Глава 319. Снежные деньки •
На краю кладбища, где лежал холодный, заснеженный ковер, юная девушка, хрупкая словно тростинка, одиноко ждала у ворот. Ей было не больше двенадцати, но в темно-коричневом шерстяном пальто, черной юбке, теплых сапожках и пушистых варежках она казалась совсем маленькой. Снегопад, начавшийся ближе к вечеру, уже укутал серую вязаную шапочку девушки, а вокруг царила лишь слабая полутьма зимних сумерек.
Маленькая девочка нетерпеливо поглядывала на склон, возвышающийся напротив кладбища. Едва завидев вдалеке фигуру смотрителя, она расцвела улыбкой и энергично замахала рукой.
— Опять... — пробормотал пожилой смотритель, уловив взгляд девочки. В его голосе читались смешанные чувства: нетерпение и затаенная озабоченность. Тем не менее, он ускорил шаг, чтобы поскорее приблизиться к ней.
— Энни, — нахмурился старик, пристально вглядываясь в девочку, — опять одна? Я же не раз тебе говорил, что кладбище — не место для одиночных прогулок, особенно в сумерки.
— Я уже сказала маме, — бодро парировала Энни. — Она разрешила, если я вернусь до комендантского часа.
Пожилой смотритель молчаливо взирал на юную особу, чье безмятежное лицо озаряла улыбка.
Большинство жителей Фроста обходили стороной как его погоста, так и мрачное кладбище. Но, как водится, всегда найдутся исключения. И этой маленькой девочке ни он, ни кладбище не внушали никакого страха.
— Мистер смотритель, а папа уже приходил? — с надеждой в голосе спросила Энни, устремив взгляд на сутулого старика в темном одеянии. Его мутные глаза, обычно внушавшие страх другим, не пугали ее.
— Нет, — отозвался смотритель, его хриплый голос звучал холодно и безжалостно, словно ветер, гуляющий по кладбищу. — Сегодня его не было.
Энни не выказала ни тени разочарования. Она лишь улыбнулась, как обычно, и произнесла:
— Тогда я приду завтра и спрошу снова.
— Его не будет и завтра, — отозвался смотритель, его голос звучал все так же холодно и неприветливо.
Энни не сводила с него пристального взгляда.
— Но ведь он же придет в конце концов, правда?
На этот раз неизменно холодный и неприступный старик дрогнул. Лишь когда снежинки, танцуя в морозном воздухе, коснулись его бровей, его мутные глаза едва заметно дрогнули.
— Да, умершие рано или поздно соберутся на кладбище и обретут вечный покой. Но не обязательно на этом, и не обязательно в этом мире.
— О, — беззаботно отозвалась Энни, не придавая словам смотрителя особого значения. Она повернулась и, бросив взгляд на запертые ворота, с любопытством спросила: — Можно мне зайти и посмотреть? Я бы хотела погреться у камина в вашем домике...

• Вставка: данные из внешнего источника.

Lemma triE F p x : tri F p x = (p * tperm F (p F)) x.
Proof.
rewrite permM /tri; case: (x =P F) => [-> | /eqP xF]; first by rewrite tpermR.
case: (x =P (p^-1)%g F) => [-> | /eqP xp]; first by rewrite permKV tpermL.
rewrite tpermD //; first by apply: contra xp => /eqP ->; rewrite permK.
by apply: contra xF => /eqP /perm_inj ->.
Qed.

Lemma hd_tri_minus F p q :
  hd (tri_minus F p) (tri_minus F q) = hd (p * tperm F (p F)) (q * tperm F (q F)).
Proof.
rewrite /hd -(card_imset _ val_inj); apply: eq_card => y; rewrite !inE -!triE.
apply/imsetP/idP => [[x] | Hy].
  by rewrite inE !permE /= -val_eqE => Hx ->.
have yF : y != F by apply: contra Hy => /eqP ->; rewrite /tri eqxx.
by exists (exist _ y yF); rewrite // inE !permE -val_eqE.
Qed.

Definition tri_dist s F v := hd (s * tperm F (s v)) (tperm F v).

Lemma hd_tri_minus_dist F p q :
  hd (tri_minus F p) (tri_minus F q) = tri_dist (q^-1 * p) F (q F).
Proof.
rewrite hd_tri_minus -(hd_mull (q^-1)) !mulgA mulVg mul1g.
by rewrite /tri_dist permM permK.
Qed.

Lemma tri_dist_conjg h s F v : tri_dist (s ^ h) (h F) (h v) = tri_dist s F v.
Proof.
by rewrite /tri_dist conjgE !permM permK -conjgE -!tpermJ -conjMg hd_conjg.
Qed.

Lemma hd1_le_tri_dist s F v : hd s 1 <= tri_dist s F v + 4.
Proof.
have close : hd s (s * tperm F (s v)) <= 2.
  by rewrite -{1}[s]mulg1 hd_mull hdC hd_tperm1.
have far : hd (s * tperm F (s v)) 1 <= tri_dist s F v + 2.
  by apply: leq_trans (hd_triangle _ (tperm F v) _) _; rewrite leq_add2l hd_tperm1.
have := hd_triangle s (s * tperm F (s v)) 1; lia.
Qed.

End HammingDistance.

Definition code (T : finType) d (A : {set {perm T}}) :=
  forall p q, p \in A -> q \in A -> p != q -> d <= hd p q.

Lemma codeP (T : finType) d (A : {set {perm T}}) :
  reflect (code d A) [forall p in A, forall q in A, (p != q) ==> (d <= hd p q)].
Proof.
apply: (iffP forall_inP) => [HA p q Hp Hq | HA p Hp].
  by move/forall_inP/(_ q Hq)/implyP: (HA p Hp); apply.
by apply/forall_inP => q Hq; apply/implyP; apply: HA.
Qed.

Lemma hdset_ge_code (T : finType) d (A : {set {perm T}}) :
  d <= #|T| -> code d A -> d <= hdset A.
Proof.
move=> dT HA; rewrite /hdset; elim/big_ind: _ => //.
  by move=> x y Hx Hy; rewrite leq_min Hx.
by case=> p q /andP [/setXP [Hp Hq] Hne]; apply: HA.
Qed.

(* Relabelling the points along a bijection [T -> 'I_n] preserves distances. *)
Lemma Mnd_ge_code (T : finType) n d (A : {set {perm T}}) :
  #|T| = n -> code d A -> #|A| <= Mnd n d.
Proof.
move=> Tn HA.
pose f (x : T) : 'I_n := cast_ord Tn (enum_rank x).
pose g (u : 'I_n) : T := enum_val (cast_ord (esym Tn) u).
have fK : cancel f g by move=> x; rewrite /f /g cast_ordK enum_rankK.
have gK : cancel g f by move=> u; rewrite /f /g enum_valK cast_ordKV.
have relabel_inj (p : {perm T}) : injective (fun u => f (p (g u))).
  by move=> u w /(can_inj fK) /perm_inj /(can_inj gK).
pose relabel p := perm (relabel_inj p).
have hd_relabel p q : hd (relabel p) (relabel q) = hd p q.
  rewrite /hd -(card_image (can_inj fK)); apply: eq_card => u; rewrite inE.
  apply/idP/imageP => [Hu | [x Hx ->]].
    by exists (g u); rewrite ?gK //; move: Hu; rewrite inE /= !permE (inj_eq (can_inj fK)).
  by move: Hx; rewrite !inE /= !permE fK (inj_eq (can_inj fK)).
have relabelK : injective relabel.
  move=> p q /permP E; apply/permP => x.
  by have := E (f x); rewrite !permE fK => /(can_inj fK).
rewrite -(card_imset _ relabelK); apply: leq_bigmax_cond; apply/codeP.
move=> _ _ /imsetP [p Hp ->] /imsetP [q Hq ->] Hne; rewrite hd_relabel.
by apply: HA => //; apply: contra Hne => /eqP ->.
Qed.

Lemma hd_tri_minus_agree (T : finType) (a : T) (p q : {perm T}) :
  p a = q a -> hd (tri_minus a p) (tri_minus a q) = hd p q.
Proof. by move=> E; rewrite hd_tri_minus E hd_mulr. Qed.

Lemma card_sig_neq (T : finType) (a : T) : #|{: {x : T | x != a}}| = #|T|.-1.
Proof. by rewrite card_sig -(cardC1 a); apply: eq_card => x; rewrite !inE. Qed.

(* Shortening: the codewords sending [a] to the most popular image [b] form a
   code of the same distance on [T \ {a}]. *)
Lemma short_code (T : finType) (a : T) d (A : {set {perm T}}) : 0 < d -> code d A ->
  exists2 B : {set {perm {x : T | x != a}}}, code d B & #|A| %/ #|T| <= #|B|.
Proof.
move=> d_gt0 HA; pose A_ b := [set p in A | p a == b].
have sum_A : #|A| = \sum_b #|A_ b|.
  rewrite -sum1_card (partition_big (fun p : {perm T} => p a) predT) //=.
  by apply: eq_bigr => b _; rewrite -sum1_card; apply: eq_bigl => p; rewrite inE.
have T_gt0 : 0 < #|T| by apply/card_gt0P; exists a.
have [b Hb] := eq_bigmax (fun b => #|A_ b|) T_gt0.
have large : #|A| <= #|T| * #|A_ b|.
  by rewrite sum_A -Hb -sum_nat_const; apply: leq_sum => c _; apply: leq_bigmax.
have hd_A_b p q : p \in A_ b -> q \in A_ b -> hd (tri_minus a p) (tri_minus a q) = hd p q.
  by rewrite !inE => /andP [_ /eqP pa] /andP [_ /eqP qa]; apply: hd_tri_minus_agree; rewrite pa qa.
exists (tri_minus a @: A_ b).
  move=> _ _ /imsetP [p Hp ->] /imsetP [q Hq ->] Hne; rewrite hd_A_b //.
  move: Hp Hq; rewrite !inE => /andP [Hp _] /andP [Hq _].
  by apply: HA => //; apply: contra Hne => /eqP ->.
rewrite card_in_imset; first by rewrite -(mulKn #|A_ b| T_gt0) leq_div2r.
move=> p q Hp Hq E; apply/eqP; apply: contraT => Hne.
have := hd_A_b p q Hp Hq; rewrite E hdxx => hd0.
move: Hp Hq; rewrite !inE => /andP [Hp _] /andP [Hq _].
by have := HA p q Hp Hq Hne; rewrite -hd0 leqNgt d_gt0.
Qed.

Lemma Mnd_shorten n d : 0 < d -> Mnd n.+1 d %/ n.+1 <= Mnd n d.
Proof.
move=> d_gt0.
pose P (S : {set {perm 'I_n.+1}}) := [forall p in S, forall q in S, (p != q) ==> (d <= hd p q)].
have [|S /codeP HS max_S] := @eq_bigmax_cond _ P (fun S => #|S|).
  by apply/card_gt0P; exists set0; apply/codeP => p q; rewrite inE.
have -> : Mnd n.+1 d = #|S| by exact: max_S.
have [B HB large] := short_code ord0 d_gt0 HS.
rewrite card_ord in large; apply: leq_trans large _.
by apply: Mnd_ge_code HB; rewrite card_sig_neq card_ord.
Qed.

(* One level of a stabiliser chain: if [t] is a transversal of the orbit [O]
   of [b] in [<<S>>] such that the Schreier generators [t y * s * (t (s y))^-1]
   lie in [<<S'>>], a group fixing [b], then [<<S'>>] is the stabiliser of [b]
   in [<<S>>]. *)
Section SchreierLevel.
Variables (T : finType) (S S' : {set {perm T}}) (b : T) (O : seq T) (t : T -> {perm T}).
Local Open Scope group_scope.
Hypotheses (S'_fix : forall s, s \in S' -> s b = b)
  (t_gen : forall y, y \in O -> t y \in <<S>>)
  (t_base : forall y, y \in O -> t y b = y)
  (b_in_O : b \in O) (t_b : t b = 1)
  (schreier : forall y s, y \in O -> s \in S ->
     s y \in O /\ t y * s * (t (s y))^-1 \in <<S'>>).

Lemma gen_fix_base h : h \in <<S'>> -> h b = b.
Proof.
have sub : <<S'>> \subset 'C[b | 'P].
  by rewrite gen_subG; apply/subsetP => s /S'_fix Hs; apply/astab1P.
by move=> /(subsetP sub) /astab1P.
Qed.

Lemma schreier_decomp g : g \in <<S>> ->
  exists2 h, h \in <<S'>> & exists2 y, y \in O & g = h * t y.
Proof.
case/gen_prodgP=> n [c Hc ->]; elim: n c Hc => [|n IH] c Hc.
  by rewrite big_ord0; exists 1; rewrite ?group1 //; exists b; rewrite ?t_b ?mulg1.
rewrite big_ord_recr /=.
have [h Hh [y Hy ->]] := IH (fun i => c (widen_ord (leqnSn n) i)) (fun i => Hc _).
have [Hz Hs] := schreier Hy (Hc ord_max).
exists (h * (t y * c ord_max * (t (c ord_max y))^-1)); first by rewrite groupM.
by exists (c ord_max y) => //; rewrite !mulgA mulgKV.
Qed.

Lemma schreier_stab g : g \in <<S>> -> g b = b -> g \in <<S'>>.
Proof.
move=> /schreier_decomp [h Hh [y Hy ->]]; rewrite permM gen_fix_base // t_base // => yb.
by move: t_b; rewrite -yb => ->; rewrite mulg1.
Qed.

Lemma card_schreier : uniq O -> S' \subset S -> #|<<S>>| = (size O * #|<<S'>>|)%N.
Proof.
move=> uO sS; rewrite -(card_orbit_stab 'P [group of <<S>>] b); congr (_ * _)%N.
  rewrite -(card_uniqP uO); apply: eq_card => y; apply/orbitP/idP.
    case=> g /schreier_decomp [h Hh [z Hz ->]] /= <-.
    by rewrite /aperm permM gen_fix_base // t_base.
  by move=> Hy; exists (t y); rewrite ?t_gen //= /aperm t_base.
apply: eq_card => g; rewrite inE /=; apply/andP/idP => [[Hg /astab1P] | Hg].
  exact: schreier_stab.
by split; [apply: (subsetP (genS sS)) | apply/astab1P; apply: gen_fix_base].
Qed.

End SchreierLevel.

Definition slp := seq (seq (nat * bool)).

Section StraightLinePrograms.
Variables (T : Type) (one : T) (mul : T -> T -> T) (inv : T -> T).

Definition slp_letter (acc : seq T) (l : nat * bool) :=
  let g := nth one acc l.1 in if l.2 then inv g else g.

Definition slp_word (acc : seq T) (w : seq (nat * bool)) :=
  foldr (fun l r => mul (slp_letter acc l) r) one w.

Fixpoint slp_eval (acc : seq T) (p : slp) : seq T :=
  if p is w :: p' then slp_eval (rcons acc (slp_word acc w)) p' else acc.

Lemma nth_slp_eval_prefix p acc i :
  i < size acc -> nth one (slp_eval acc p) i = nth one acc i.
Proof.
elim: p acc => [|w p IH] acc //= Hi.
by rewrite IH ?size_rcons 1?ltnW // nth_rcons Hi.
Qed.

End StraightLinePrograms.

Lemma slp_eval_rel (T U : Type) (R : T -> U -> Prop) one1 mul1 inv1 one2 mul2 inv2 :
  R one1 one2 -> (forall a b c d, R a b -> R c d -> R (mul1 a c) (mul2 b d)) ->
  (forall a b, R a b -> R (inv1 a) (inv2 b)) ->
  forall p acc1 acc2, size acc1 = size acc2 ->
  (forall i, R (nth one1 acc1 i) (nth one2 acc2 i)) ->
  forall i, R (nth one1 (slp_eval one1 mul1 inv1 acc1 p) i)
              (nth one2 (slp_eval one2 mul2 inv2 acc2 p) i).
Proof.
move=> R1 RM RI; elim=> [|w p IH] acc1 acc2 Es Ri //=.
apply: IH; first by rewrite !size_rcons Es.
have Rw : R (slp_word one1 mul1 inv1 acc1 w) (slp_word one2 mul2 inv2 acc2 w).
  elim: w => [|[j b] w IHw] //=; apply: RM => //.
  by rewrite /slp_letter /=; case: b; [apply: RI|]; apply: Ri.
by move=> i; rewrite !nth_rcons Es; case: ltnP => // _; case: eqP.
Qed.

— Не сегодня, — покачал головой старик, его голос звучал хрипло и устало. — Кладбище № 3 сегодня закрыто для посещения. Внутри дежурят церковные служители, и вход на его территорию запрещен. Тебе лучше отправиться домой, дитя.
— Хорошо, — с легким вздохом произнесла Энни, не скрывая разочарования. Она запустила руку в свою маленькую сумочку и, вынув сверток, завернутый в грубую бумагу, протянула его старику. — Это вам, угощайтесь. Это печенье, испеченное моей мамой. Она велела мне не досаждать людям.
Старик, пристально вглядевшись в протянутый ему сверток, а затем переведя взгляд на снежинки, осыпавшие хрупкую фигурку девочки, невольно протянул руку. Взяв печенье, он бережно смахнул с вязаной шапочки Энни снежинки.
— Ступай, дитя, — промолвил он. — Тебе пора домой, пока совсем не стемнело.
— Спасибо, дедушка, — ответила Энни, одарив старика тёплой улыбкой.
Кивнув в ответ и поправив шарф на шее, она, не проронив ни слова, двинулась по тропинке, ведущей к жилым кварталам города.
Но, не сделав и нескольких шагов, Энни услышала за спиной знакомый хриплый голос:
— Энни!
Девочка обернулась.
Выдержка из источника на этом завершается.